Liputan6.com, Cirebon - Etnis Tionghoa menjadi salah satu elemen penting dalam pembangunan Cirebon hingga saat ini. Filolog Cirebon Opan Safari menyampaikan peran etnis Tionghoa di tanah Cirebon sudah terlihat sejak 1415.
Saat itu, kata Opan, sekitar 23 ribu anggota pasukan Cina datang ke Kerajaan Singapura--nama sebelum Cirebon--yang dipimpin oleh Laksamana Cheng Ho. "Rombongan Cheng Ho jumlahnya jauh lebih banyak dari penduduk Singapura itu sendiri," kata Opan, Kamis, 26 Januari 2017.
Dia mengatakan, armada Cheng Ho mendarat di Singapura selama tujuh hari tujuh malam. Mereka menyebarkan Islam dan bersosialisasi kepada penduduk setempat.

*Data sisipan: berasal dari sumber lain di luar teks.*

(* In the setting of the context, the four functions $u=H_{2n}$, $v=H_{2n+1}$, $f=S^{[1]}_{2n}$, $g=S^{[1]}_{2n+1}$ satisfy the following three systems of nonlinear difference equations. (1) For the shifts $\hat{}\,$, $\tilde{}\,$, $\bar{}\,$: \begin{align*} g(\tilde{f}-\hat{f})+\tilde{g}(\tilde{\hat{f}}-\tilde{f})+\hat{g}(\hat{f}-\hat{\tilde{f}})&=\frac{1}{\tilde{d}}\left(\frac{\hat{\bar {u}}}{\hat{\tilde{u}}}-\frac{\bar {u}}{\tilde{u}}\right)+\frac{1}{\hat{d}}\left(\frac{\bar {u}}{\hat{u}}-\frac{\tilde{\bar {u}}}{\tilde{\hat{u}}}\right),\\ \bar {f}(\hat{g}-\tilde{g})+\tilde{\bar{f}}(\tilde{g}-\tilde{\hat{g}})+\hat{\bar {f}}(\hat{\tilde{g}}-\hat{g})&= \frac{1}{\tilde{d}}\left(\frac{\bar {v}}{\tilde{v}}-\frac{\hat{\bar {v}}}{\hat{\tilde{v}}}\right),\\ \frac{1}{\tilde{d}}\frac{\hat{\bar {u}}}{\hat{\tilde{u}}}(\hat{\bar {f}}-\bar {f})+\frac{1}{\hat{d}}\frac{\tilde{\bar {u}}}{\tilde{\hat{u}}}(\bar {f}-\tilde{\bar {f}})+\frac{1}{\tilde{d}}\frac{\bar {v}}{\tilde{v}}(\tilde{f}-\tilde{\hat{f}})&=0,\\ \frac{1}{\hat{d}}\frac{\bar {\bar {u}}}{\hat{\bar {u}}}(\hat{g}-\hat{\tilde{g}})+\frac{1}{\tilde{d}}\frac{\bar {\bar {u}}}{\tilde{\bar {u}}}(\tilde{\hat{g}}-\tilde{g})+\frac{1}{\tilde{d}}\frac{\hat{\bar {v}}}{\hat{\tilde{v}}}(\bar {g}-\hat{\bar {g}})&=0. \end{align*} (2) For the shifts $\check{}\,$, $\tilde{}\,$, $\bar{}\,$: \begin{align*} g(\tilde{f}-\check{f})+\tilde{g}(\check{\tilde{f}}-\tilde{f})+\check{g}(\check{f}-\check{\tilde{f}})&=\frac{1}{\tilde{d}}\left(\frac{\check{\bar {u}}}{\check{\tilde{u}}}-\frac{\bar {u}}{\tilde{u}}\right),\\ \bar {f}(\tilde{g}-\check{g})+\tilde{\bar {f}}(\tilde{\check{g}}-\tilde{g})+\check{\bar {f}}(\check{g}-\check{\tilde{g}})&= \frac{1}{\tilde{d}}\left(\frac{\check{\bar {v}}}{\check{\tilde{v}}}-\frac{\bar {v}}{\tilde{v}}\right)+\frac{1}{\check{d}}\left(\frac{\bar {v}}{\check{v}}-\frac{\tilde{\bar {v}}}{\check{\tilde{v}}}\right),\\ \frac{1}{\tilde{d}}\frac{\check{\bar {u}}}{\check{\tilde{u}}}(\bar {f}-\check{\bar {f}})+\frac{1}{\check{d}}\frac{\bar {v}}{\check{v}}(\check{f}-\check{\tilde{f}})+\frac{1}{\tilde{d}}\frac{\bar {v}}{\tilde{v}}(\tilde{\check{f}}-\tilde{f})&=0,\\ \frac{1}{\tilde{d}}\frac{\bar {\bar {u}}}{\tilde{\bar {u}}}(\tilde{g}-\tilde{\check{g}}) +\frac{1}{\check{d}}\frac{\tilde{\bar {v}}}{\tilde{\check{v}}}(\bar {g}-\tilde{\bar {g}})+\frac{1}{\tilde{d}}\frac{\check{\bar {v}}}{\check{\tilde{v}}}(\check{\bar {g}}-\bar {g})&=0. \end{align*} (3) For the shifts $\hat{}\,$, $\check{}\,$, $\bar{}\,$: \begin{align*} \frac{1}{\hat d}\frac{\check{\bar {u}}}{\check{\hat{u}}}(\bar {f}-\check{\bar {f}})+\frac{1}{\check d}\frac{\bar {v}}{\check{v}}(\check{f}-\check{\hat{f}})&=0,\\ \frac{1}{\hat d}\frac{\bar {\bar {u}}}{\hat{\bar {u}}}(\hat{\check{g}}-\hat{g})+\frac{1}{\check d}\frac{\hat{\bar {v}}}{\check{\hat{v}}}(\hat{\bar {g}}-\bar {g})&= 0,\\ g(\check{f}-\hat{f})+\check{g}(\check{\hat{f}}-\check{f})+\hat{g}(\hat{f}-\check{\hat{f}})&=\frac{1}{\hat{d}}\left(\frac{\bar {u}}{\hat{u}}-\frac{\check{\bar {u}}}{\hat{\check{u}}}\right),\\ \bar {f}(\check{g}-\hat{g})+\check{\bar {f}}(\check{\hat{g}}-{\check{g}})+\hat{\bar {f}}(\hat{g}-\check{\hat{g}})&=\frac{1}{\check{d}}\left(\frac{\hat{\bar {v}}}{\check{\hat{v}}}-\frac{\bar {v}}{\check{v}}\right). \end{align*}
   Context: Fix $N,M^{(1)},M^{(2)}\in\mathbb N_0$, parameters $b^{(a)}_i$ ($a\in\{1,2\}$, $1\le i\le M^{(a)}$), $c_j$ ($1\le j\le N$), $\eta^{(1)},\eta^{(2)}$, and hypergeometric weights on $\mathbb N_0$: $w^{(a)}(k)=\frac{(b^{(a)}_1)_k\cdots(b^{(a)}_{M^{(a)}})_k}{(c_1)_k\cdots(c_N)_k}\frac{(\eta^{(a)})^k}{k!}$, with $(b)_k$ the Pochhammer symbol. The moment matrix $\mathscr M$ (indices from $0$) has entries $\mathscr M_{n,2m}=\sum_{k\ge0}k^{n+m}w^{(1)}(k)$, $\mathscr M_{n,2m+1}=\sum_{k\ge0}k^{n+m}w^{(2)}(k)$. It is assumed that for all parameter values considered (including the shifted ones below) the series converge and all leading principal minors $\tau_n$ of $\mathscr M$ are nonzero, so that $\mathscr M=S^{-1}H\tilde S^{-\top}$ with $S,\tilde S$ lower unitriangular semi-infinite matrices and $H=\operatorname{diag}(H_0,H_1,\dots)$. Write $S=I+\Lambda^\top S^{[1]}+(\Lambda^\top)^2S^{[2]}+\cdots$ with $\Lambda$ the shift matrix (ones on the first superdiagonal) and $S^{[k]}=\operatorname{diag}(S^{[k]}_0,S^{[k]}_1,\dots)$; thus $S^{[1]}_n$ is the coefficient of $x^{n}$ in the monic type II multiple orthogonal polynomial $B_{n+1}$ given by the entries of $SX(x)$, $X(x)=(1,x,x^2,\dots)^\top$. Shift notation for a function $u$ of $n$ and the parameters: $\hat u$ is $u$ with one fixed parameter $b^{(1)}_r$ replaced by $b^{(1)}_r+1$, and $\hat d:=b^{(1)}_r$; $\check u$ is $u$ with one fixed parameter $b^{(2)}_q$ replaced by $b^{(2)}_q+1$, and $\check d:=b^{(2)}_q$; $\tilde u$ is $u$ with one fixed parameter $c_s$ replaced by $c_s-1$, and $\tilde d:=c_s-1$; $\bar u$ is $u$ with $n$ replaced by $n+2$. Combined symbols denote the composition of the corresponding shifts. *)

From HB Require Import structures.
From mathcomp Require Import all_boot all_order all_algebra.
From mathcomp Require Import all_classical all_reals.
From mathcomp Require Import topology normedtype sequences.
Set Implicit Arguments. Unset Strict Implicit. Unset Printing Implicit Defensive.
Import Order.TTheory GRing.Theory Num.Theory.
Import numFieldNormedType.Exports.
Local Open Scope ring_scope.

Bahkan, ucap Opan, banyak pengikut Cheng Ho yang mencintai wanita pribumi hingga akhirnya menikah dan menetap di Cirebon. Sebagian besar warga Tionghoa yang menikah dengan pribumi saat itu tinggal di wilayah pantai utara, tepatnya daerah Kapetakan.
Baca Juga
"Makanya asal-muasal nama Kapetakan itu dari perkawinan pribumi dan Cina. Kapetakan sendiri artinya berkulit putih. Dan memang dahulu, orang Kapetakan sebenarnya putih-putih. Entah kenapa sekarang berubah tidak putih lagi, tapi masih ada yang putih," tutur Opan.
Seiring perkembangan zaman, pada 1420 datang rombongan ulama sekeluarga keturunan Tionghoa bernama Syekh Hasanudin atau Syekh Kuro. Syekh Kuro merupakan ulama keturunan Tionghoa yang tinggal di Campa, Vietnam, bersama istri Siau Te Ho.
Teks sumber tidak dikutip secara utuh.